--- SUPPLIED DATA Enclosed Below ---

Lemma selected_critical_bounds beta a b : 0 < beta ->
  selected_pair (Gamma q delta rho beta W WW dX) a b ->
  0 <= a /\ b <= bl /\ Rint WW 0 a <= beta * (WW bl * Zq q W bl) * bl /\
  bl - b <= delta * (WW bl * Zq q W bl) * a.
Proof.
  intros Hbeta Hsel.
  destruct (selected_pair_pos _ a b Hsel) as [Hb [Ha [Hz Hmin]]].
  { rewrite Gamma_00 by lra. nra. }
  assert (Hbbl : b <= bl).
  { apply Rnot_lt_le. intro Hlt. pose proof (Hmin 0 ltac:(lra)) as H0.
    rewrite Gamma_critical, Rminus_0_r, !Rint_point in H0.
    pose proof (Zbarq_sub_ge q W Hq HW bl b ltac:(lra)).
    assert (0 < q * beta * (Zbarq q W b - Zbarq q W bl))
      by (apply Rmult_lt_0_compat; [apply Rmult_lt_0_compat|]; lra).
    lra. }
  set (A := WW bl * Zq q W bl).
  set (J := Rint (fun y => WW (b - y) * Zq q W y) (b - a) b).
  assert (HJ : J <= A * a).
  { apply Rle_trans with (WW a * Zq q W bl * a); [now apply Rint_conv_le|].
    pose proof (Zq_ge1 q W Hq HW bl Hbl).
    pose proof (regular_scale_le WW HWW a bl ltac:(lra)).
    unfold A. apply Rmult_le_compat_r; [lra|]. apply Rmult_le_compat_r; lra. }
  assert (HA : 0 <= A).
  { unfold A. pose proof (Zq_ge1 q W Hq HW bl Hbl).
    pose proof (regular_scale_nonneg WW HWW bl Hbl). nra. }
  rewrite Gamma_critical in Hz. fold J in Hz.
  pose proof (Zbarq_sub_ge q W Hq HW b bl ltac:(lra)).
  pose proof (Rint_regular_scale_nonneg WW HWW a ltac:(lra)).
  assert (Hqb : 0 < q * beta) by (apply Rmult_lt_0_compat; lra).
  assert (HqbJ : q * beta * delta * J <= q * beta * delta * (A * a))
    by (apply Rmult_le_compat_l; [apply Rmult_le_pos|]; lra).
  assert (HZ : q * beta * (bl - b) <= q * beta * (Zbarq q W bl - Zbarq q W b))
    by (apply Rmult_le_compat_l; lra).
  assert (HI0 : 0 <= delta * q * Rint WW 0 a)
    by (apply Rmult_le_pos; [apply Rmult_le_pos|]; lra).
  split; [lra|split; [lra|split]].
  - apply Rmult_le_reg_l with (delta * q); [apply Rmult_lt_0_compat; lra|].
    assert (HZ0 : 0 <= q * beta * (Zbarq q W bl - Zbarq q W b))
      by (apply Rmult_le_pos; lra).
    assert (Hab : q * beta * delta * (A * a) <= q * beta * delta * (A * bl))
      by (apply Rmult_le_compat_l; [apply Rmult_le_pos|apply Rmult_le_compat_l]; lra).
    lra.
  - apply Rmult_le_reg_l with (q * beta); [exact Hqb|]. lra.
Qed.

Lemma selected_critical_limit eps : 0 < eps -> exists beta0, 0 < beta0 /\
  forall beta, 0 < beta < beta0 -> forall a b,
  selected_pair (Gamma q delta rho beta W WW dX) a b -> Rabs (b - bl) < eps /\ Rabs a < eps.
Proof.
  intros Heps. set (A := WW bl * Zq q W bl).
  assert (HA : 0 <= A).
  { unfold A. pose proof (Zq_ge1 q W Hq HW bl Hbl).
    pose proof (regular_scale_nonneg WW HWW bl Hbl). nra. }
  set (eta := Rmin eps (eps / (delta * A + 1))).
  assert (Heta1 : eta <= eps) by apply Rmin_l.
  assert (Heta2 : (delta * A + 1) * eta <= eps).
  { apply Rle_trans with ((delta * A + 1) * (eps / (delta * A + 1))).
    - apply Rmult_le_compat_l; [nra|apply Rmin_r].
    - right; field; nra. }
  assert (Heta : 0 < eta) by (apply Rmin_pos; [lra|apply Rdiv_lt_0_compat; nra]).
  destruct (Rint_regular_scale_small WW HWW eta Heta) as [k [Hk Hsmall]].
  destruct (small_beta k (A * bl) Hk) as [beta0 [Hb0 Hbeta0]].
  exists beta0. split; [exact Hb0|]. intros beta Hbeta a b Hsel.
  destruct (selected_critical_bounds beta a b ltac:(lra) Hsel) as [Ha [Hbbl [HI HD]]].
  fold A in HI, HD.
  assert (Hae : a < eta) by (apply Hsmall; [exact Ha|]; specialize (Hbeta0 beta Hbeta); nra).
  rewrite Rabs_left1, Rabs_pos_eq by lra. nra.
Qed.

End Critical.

--- End of Enclosed SUPPLIED DATA ---
--- SUPPLIED DATA Enclosed Below ---

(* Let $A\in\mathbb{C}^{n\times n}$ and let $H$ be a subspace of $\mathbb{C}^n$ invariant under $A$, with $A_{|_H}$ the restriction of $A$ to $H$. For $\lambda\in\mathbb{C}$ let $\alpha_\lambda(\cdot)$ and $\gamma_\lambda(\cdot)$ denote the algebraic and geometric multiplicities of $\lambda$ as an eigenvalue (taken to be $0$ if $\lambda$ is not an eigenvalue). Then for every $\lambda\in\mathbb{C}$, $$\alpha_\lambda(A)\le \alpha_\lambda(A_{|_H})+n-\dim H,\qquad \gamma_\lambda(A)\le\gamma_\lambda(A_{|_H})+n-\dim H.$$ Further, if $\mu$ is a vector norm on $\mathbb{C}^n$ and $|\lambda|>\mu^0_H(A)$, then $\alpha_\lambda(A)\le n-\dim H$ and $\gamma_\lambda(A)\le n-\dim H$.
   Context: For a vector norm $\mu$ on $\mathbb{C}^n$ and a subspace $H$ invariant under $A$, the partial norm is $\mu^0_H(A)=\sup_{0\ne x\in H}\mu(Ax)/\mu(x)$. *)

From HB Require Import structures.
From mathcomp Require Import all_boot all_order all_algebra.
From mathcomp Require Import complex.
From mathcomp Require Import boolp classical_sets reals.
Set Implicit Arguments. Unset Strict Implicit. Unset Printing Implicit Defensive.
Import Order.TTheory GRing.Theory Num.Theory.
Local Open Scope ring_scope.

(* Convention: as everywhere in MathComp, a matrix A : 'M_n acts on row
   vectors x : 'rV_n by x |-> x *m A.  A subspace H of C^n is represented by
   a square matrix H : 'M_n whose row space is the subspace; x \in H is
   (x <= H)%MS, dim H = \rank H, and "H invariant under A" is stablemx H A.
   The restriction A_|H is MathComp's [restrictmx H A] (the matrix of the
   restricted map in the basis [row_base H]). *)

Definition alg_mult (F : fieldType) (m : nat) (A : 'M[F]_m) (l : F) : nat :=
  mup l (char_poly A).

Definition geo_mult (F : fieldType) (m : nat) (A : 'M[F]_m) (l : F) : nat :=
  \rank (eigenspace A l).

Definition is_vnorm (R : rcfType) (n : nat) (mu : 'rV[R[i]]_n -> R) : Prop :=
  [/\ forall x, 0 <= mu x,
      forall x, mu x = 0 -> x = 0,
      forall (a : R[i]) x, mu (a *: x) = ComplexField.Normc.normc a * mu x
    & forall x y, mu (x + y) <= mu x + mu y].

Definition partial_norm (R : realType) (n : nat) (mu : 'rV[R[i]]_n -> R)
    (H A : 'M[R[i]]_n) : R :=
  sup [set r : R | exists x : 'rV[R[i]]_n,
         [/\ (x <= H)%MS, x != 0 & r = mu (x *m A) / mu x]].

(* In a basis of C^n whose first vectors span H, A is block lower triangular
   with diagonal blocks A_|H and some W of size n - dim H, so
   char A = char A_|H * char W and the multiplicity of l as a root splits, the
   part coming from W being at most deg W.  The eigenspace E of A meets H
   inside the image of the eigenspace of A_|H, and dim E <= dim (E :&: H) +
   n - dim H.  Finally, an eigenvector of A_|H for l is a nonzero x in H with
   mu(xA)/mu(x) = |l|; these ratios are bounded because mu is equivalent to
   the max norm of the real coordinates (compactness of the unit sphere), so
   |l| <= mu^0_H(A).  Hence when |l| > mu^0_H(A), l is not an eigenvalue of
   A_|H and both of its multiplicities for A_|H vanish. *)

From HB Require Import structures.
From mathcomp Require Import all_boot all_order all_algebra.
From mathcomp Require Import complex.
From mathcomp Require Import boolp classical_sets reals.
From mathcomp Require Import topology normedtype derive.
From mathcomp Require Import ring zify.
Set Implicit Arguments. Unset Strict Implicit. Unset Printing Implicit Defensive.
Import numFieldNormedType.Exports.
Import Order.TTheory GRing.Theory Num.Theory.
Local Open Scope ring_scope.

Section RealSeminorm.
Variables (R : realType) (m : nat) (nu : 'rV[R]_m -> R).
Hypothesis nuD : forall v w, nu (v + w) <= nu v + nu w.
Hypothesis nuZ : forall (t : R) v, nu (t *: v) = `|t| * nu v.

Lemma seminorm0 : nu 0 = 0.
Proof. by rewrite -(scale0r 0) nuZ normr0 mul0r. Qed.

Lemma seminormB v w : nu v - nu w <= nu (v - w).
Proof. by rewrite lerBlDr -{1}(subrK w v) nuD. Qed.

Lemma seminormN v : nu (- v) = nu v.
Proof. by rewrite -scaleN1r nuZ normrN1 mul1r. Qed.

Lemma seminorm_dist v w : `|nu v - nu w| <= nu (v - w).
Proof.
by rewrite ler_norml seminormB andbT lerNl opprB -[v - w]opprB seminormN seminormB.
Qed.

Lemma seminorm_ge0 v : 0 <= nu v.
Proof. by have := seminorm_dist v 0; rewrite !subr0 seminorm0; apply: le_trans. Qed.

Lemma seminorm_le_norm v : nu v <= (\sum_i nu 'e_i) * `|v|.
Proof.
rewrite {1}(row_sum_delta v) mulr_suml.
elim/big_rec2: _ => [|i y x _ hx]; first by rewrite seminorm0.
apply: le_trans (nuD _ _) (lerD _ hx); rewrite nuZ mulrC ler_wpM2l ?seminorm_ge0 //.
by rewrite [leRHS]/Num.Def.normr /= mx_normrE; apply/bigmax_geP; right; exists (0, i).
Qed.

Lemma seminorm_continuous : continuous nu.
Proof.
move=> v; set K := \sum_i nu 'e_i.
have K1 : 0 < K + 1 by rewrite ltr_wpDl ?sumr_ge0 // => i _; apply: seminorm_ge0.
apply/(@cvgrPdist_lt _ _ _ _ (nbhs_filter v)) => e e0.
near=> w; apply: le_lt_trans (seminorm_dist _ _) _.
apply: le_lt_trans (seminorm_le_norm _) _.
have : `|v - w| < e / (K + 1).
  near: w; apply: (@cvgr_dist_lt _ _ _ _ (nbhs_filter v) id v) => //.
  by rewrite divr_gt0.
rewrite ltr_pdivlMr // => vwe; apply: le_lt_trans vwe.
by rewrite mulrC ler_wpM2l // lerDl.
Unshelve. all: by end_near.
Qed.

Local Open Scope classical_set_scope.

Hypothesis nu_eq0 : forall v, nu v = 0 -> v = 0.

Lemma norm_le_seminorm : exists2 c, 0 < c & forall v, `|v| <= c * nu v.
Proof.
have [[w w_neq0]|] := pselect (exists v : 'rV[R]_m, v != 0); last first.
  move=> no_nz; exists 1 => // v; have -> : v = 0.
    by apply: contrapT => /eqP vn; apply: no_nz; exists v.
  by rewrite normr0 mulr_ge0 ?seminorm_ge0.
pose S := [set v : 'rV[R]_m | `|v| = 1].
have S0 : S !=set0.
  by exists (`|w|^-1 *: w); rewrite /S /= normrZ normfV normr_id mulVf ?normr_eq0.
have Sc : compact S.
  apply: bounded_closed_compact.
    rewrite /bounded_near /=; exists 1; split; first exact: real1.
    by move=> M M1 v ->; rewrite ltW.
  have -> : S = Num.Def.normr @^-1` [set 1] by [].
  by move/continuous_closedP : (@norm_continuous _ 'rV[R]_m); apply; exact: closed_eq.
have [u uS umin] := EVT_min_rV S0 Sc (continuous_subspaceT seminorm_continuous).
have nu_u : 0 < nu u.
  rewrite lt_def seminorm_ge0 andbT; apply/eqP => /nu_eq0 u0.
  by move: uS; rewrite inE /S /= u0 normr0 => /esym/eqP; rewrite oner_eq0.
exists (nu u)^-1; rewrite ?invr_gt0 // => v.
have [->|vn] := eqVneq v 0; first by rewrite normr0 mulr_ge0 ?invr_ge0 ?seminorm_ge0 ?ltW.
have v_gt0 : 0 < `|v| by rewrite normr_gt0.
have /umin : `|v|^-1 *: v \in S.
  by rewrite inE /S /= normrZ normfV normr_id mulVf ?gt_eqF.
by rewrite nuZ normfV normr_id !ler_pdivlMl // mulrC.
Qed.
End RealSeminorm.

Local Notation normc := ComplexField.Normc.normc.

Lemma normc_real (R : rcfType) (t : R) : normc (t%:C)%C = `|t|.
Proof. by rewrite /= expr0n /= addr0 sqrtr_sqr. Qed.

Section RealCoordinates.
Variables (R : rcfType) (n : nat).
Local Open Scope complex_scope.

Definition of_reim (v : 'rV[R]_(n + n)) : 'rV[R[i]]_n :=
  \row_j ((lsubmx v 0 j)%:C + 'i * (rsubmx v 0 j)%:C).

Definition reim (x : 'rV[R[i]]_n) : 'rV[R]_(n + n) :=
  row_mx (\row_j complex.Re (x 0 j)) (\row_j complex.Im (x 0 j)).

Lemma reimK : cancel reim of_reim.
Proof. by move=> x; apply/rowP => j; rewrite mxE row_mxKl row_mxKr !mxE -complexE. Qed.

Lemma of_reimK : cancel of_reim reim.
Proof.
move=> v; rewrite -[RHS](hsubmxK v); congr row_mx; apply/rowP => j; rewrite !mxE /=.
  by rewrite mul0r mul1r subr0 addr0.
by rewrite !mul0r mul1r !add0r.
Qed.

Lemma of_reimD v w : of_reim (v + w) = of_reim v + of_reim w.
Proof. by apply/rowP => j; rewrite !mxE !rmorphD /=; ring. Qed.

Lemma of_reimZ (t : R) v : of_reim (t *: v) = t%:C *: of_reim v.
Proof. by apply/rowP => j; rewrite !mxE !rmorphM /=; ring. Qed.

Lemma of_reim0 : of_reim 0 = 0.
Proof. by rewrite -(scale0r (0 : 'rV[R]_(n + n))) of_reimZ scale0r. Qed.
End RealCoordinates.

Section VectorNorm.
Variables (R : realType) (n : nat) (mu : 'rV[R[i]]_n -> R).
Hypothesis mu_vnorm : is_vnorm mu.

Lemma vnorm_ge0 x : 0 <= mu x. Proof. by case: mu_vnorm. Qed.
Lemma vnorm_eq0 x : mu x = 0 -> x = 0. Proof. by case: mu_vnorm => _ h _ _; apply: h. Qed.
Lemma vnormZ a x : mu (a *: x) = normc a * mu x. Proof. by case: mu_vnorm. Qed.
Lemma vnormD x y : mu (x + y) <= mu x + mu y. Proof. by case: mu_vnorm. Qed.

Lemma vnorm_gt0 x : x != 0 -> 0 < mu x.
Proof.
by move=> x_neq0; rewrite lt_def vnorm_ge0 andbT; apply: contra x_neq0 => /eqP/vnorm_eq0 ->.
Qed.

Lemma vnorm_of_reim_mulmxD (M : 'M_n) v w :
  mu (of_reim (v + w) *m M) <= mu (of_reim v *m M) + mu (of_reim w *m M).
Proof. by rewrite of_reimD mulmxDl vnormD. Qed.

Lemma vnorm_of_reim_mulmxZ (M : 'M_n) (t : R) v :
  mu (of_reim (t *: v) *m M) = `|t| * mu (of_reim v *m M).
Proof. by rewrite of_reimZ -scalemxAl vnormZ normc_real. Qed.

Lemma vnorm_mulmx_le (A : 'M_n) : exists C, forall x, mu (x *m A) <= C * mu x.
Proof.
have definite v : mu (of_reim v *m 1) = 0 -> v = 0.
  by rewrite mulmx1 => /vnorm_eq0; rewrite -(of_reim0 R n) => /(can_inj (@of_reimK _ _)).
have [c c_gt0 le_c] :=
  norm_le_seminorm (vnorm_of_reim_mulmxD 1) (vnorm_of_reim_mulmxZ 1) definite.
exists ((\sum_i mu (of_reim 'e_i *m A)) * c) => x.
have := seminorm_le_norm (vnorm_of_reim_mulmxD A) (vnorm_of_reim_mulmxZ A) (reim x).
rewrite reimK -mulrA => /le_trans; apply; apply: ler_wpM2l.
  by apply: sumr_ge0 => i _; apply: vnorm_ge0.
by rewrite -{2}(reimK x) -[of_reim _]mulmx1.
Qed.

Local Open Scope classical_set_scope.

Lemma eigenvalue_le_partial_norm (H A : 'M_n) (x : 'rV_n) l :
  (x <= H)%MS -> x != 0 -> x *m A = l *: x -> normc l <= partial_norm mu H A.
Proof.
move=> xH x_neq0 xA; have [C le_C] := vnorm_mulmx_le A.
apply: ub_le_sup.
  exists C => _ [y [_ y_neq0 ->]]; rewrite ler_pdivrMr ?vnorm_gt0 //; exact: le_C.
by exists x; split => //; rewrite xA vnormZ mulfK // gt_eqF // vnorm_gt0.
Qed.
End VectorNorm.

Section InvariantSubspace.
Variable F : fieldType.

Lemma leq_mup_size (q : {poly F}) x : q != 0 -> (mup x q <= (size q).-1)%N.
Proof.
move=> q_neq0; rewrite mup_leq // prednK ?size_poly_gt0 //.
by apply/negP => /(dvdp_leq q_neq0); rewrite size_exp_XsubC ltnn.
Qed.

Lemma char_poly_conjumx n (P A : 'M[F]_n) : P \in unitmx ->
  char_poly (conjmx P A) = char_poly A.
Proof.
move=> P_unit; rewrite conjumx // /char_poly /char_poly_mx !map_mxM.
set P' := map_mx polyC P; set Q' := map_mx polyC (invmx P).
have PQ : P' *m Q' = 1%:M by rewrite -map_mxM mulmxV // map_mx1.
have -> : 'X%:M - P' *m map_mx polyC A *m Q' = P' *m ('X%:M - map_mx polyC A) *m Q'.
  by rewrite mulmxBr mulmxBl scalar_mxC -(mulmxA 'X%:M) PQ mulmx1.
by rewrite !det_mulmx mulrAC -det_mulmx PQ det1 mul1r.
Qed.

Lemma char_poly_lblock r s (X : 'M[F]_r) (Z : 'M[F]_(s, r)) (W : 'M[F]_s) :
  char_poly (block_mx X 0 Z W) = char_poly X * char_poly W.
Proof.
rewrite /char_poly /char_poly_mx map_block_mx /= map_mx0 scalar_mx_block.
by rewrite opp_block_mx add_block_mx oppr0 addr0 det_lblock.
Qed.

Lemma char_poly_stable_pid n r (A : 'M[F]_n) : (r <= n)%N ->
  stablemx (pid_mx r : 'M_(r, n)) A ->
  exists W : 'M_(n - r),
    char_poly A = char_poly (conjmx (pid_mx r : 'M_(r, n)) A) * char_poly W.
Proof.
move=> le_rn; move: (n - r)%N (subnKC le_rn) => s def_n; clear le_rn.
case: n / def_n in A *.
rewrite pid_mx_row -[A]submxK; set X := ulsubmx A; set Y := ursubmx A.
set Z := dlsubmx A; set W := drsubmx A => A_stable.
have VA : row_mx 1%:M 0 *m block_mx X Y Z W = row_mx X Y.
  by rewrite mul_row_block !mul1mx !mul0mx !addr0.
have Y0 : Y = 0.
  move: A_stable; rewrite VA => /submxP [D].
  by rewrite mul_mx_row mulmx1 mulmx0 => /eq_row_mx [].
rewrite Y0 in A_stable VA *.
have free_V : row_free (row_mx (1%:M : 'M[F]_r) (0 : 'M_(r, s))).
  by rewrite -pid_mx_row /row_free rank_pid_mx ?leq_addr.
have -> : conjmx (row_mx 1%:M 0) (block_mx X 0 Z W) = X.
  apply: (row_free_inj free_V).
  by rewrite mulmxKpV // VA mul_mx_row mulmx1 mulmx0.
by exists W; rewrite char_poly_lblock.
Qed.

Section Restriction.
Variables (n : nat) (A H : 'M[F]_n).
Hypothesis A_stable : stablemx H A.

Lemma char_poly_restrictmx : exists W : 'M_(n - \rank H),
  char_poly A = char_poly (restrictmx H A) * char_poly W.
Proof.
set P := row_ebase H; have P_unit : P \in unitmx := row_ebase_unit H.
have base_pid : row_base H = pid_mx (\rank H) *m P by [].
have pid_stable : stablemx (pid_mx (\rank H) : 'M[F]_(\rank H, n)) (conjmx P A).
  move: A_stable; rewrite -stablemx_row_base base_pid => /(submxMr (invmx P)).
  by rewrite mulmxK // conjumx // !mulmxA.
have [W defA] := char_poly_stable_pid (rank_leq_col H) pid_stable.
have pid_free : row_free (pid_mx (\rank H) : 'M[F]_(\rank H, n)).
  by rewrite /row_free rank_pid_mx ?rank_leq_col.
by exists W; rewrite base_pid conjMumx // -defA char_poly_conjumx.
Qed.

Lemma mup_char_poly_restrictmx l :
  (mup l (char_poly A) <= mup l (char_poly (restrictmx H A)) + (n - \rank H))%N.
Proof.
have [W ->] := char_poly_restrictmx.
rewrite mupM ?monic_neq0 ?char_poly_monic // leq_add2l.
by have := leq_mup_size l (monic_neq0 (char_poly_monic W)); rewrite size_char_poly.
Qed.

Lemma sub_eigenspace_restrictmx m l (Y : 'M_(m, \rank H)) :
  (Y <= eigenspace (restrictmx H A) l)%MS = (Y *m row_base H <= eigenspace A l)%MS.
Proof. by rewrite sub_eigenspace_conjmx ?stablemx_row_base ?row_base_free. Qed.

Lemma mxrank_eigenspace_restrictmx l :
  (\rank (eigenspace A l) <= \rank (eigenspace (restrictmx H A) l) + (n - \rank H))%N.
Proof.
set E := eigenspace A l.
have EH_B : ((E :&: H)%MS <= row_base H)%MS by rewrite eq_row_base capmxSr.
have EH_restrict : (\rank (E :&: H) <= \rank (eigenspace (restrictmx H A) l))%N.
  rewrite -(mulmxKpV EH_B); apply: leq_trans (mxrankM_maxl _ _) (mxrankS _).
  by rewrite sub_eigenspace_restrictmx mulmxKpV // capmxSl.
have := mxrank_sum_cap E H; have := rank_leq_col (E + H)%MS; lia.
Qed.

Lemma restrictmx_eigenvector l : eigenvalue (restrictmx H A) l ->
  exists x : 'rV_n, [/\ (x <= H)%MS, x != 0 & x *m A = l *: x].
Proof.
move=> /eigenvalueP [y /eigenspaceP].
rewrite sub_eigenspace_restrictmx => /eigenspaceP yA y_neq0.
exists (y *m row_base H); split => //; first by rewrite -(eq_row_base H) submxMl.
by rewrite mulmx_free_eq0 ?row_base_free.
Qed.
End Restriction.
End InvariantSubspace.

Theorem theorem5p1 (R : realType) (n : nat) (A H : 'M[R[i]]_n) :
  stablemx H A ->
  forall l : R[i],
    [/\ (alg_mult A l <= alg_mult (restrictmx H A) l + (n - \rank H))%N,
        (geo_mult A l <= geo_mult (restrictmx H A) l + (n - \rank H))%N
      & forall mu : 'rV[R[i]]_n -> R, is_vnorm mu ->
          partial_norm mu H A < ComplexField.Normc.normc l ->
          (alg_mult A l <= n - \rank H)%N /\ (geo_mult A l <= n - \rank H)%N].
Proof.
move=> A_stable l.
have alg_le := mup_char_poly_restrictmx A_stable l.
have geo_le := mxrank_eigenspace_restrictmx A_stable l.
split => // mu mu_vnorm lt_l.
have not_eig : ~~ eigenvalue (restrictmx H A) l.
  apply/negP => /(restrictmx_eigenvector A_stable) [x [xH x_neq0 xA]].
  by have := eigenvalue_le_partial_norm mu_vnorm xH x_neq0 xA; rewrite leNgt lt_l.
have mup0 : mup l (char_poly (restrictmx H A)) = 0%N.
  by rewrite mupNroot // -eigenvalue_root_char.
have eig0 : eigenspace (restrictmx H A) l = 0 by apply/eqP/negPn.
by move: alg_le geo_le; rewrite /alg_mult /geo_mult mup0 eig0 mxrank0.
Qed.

--- End of Enclosed SUPPLIED DATA ---

YOUR INSTRUCTIONS: Given the records above, return exactly the lines starting at the line containing "have [W ->] := char_poly_restrictmx." and ending at the line containing "[/\ (alg_mult A", including both.

TASK ANSWER:
have [W ->] := char_poly_restrictmx.
rewrite mupM ?monic_neq0 ?char_poly_monic // leq_add2l.
by have := leq_mup_size l (monic_neq0 (char_poly_monic W)); rewrite size_char_poly.
Qed.

Lemma sub_eigenspace_restrictmx m l (Y : 'M_(m, \rank H)) :
  (Y <= eigenspace (restrictmx H A) l)%MS = (Y *m row_base H <= eigenspace A l)%MS.
Proof. by rewrite sub_eigenspace_conjmx ?stablemx_row_base ?row_base_free. Qed.

Lemma mxrank_eigenspace_restrictmx l :
  (\rank (eigenspace A l) <= \rank (eigenspace (restrictmx H A) l) + (n - \rank H))%N.
Proof.
set E := eigenspace A l.
have EH_B : ((E :&: H)%MS <= row_base H)%MS by rewrite eq_row_base capmxSr.
have EH_restrict : (\rank (E :&: H) <= \rank (eigenspace (restrictmx H A) l))%N.
  rewrite -(mulmxKpV EH_B); apply: leq_trans (mxrankM_maxl _ _) (mxrankS _).
  by rewrite sub_eigenspace_restrictmx mulmxKpV // capmxSl.
have := mxrank_sum_cap E H; have := rank_leq_col (E + H)%MS; lia.
Qed.

Lemma restrictmx_eigenvector l : eigenvalue (restrictmx H A) l ->
  exists x : 'rV_n, [/\ (x <= H)%MS, x != 0 & x *m A = l *: x].
Proof.
move=> /eigenvalueP [y /eigenspaceP].
rewrite sub_eigenspace_restrictmx => /eigenspaceP yA y_neq0.
exists (y *m row_base H); split => //; first by rewrite -(eq_row_base H) submxMl.
by rewrite mulmx_free_eq0 ?row_base_free.
Qed.
End Restriction.
End InvariantSubspace.

Theorem theorem5p1 (R : realType) (n : nat) (A H : 'M[R[i]]_n) :
  stablemx H A ->
  forall l : R[i],
    [/\ (alg_mult A l <= alg_mult (restrictmx H A) l + (n - \rank H))%N,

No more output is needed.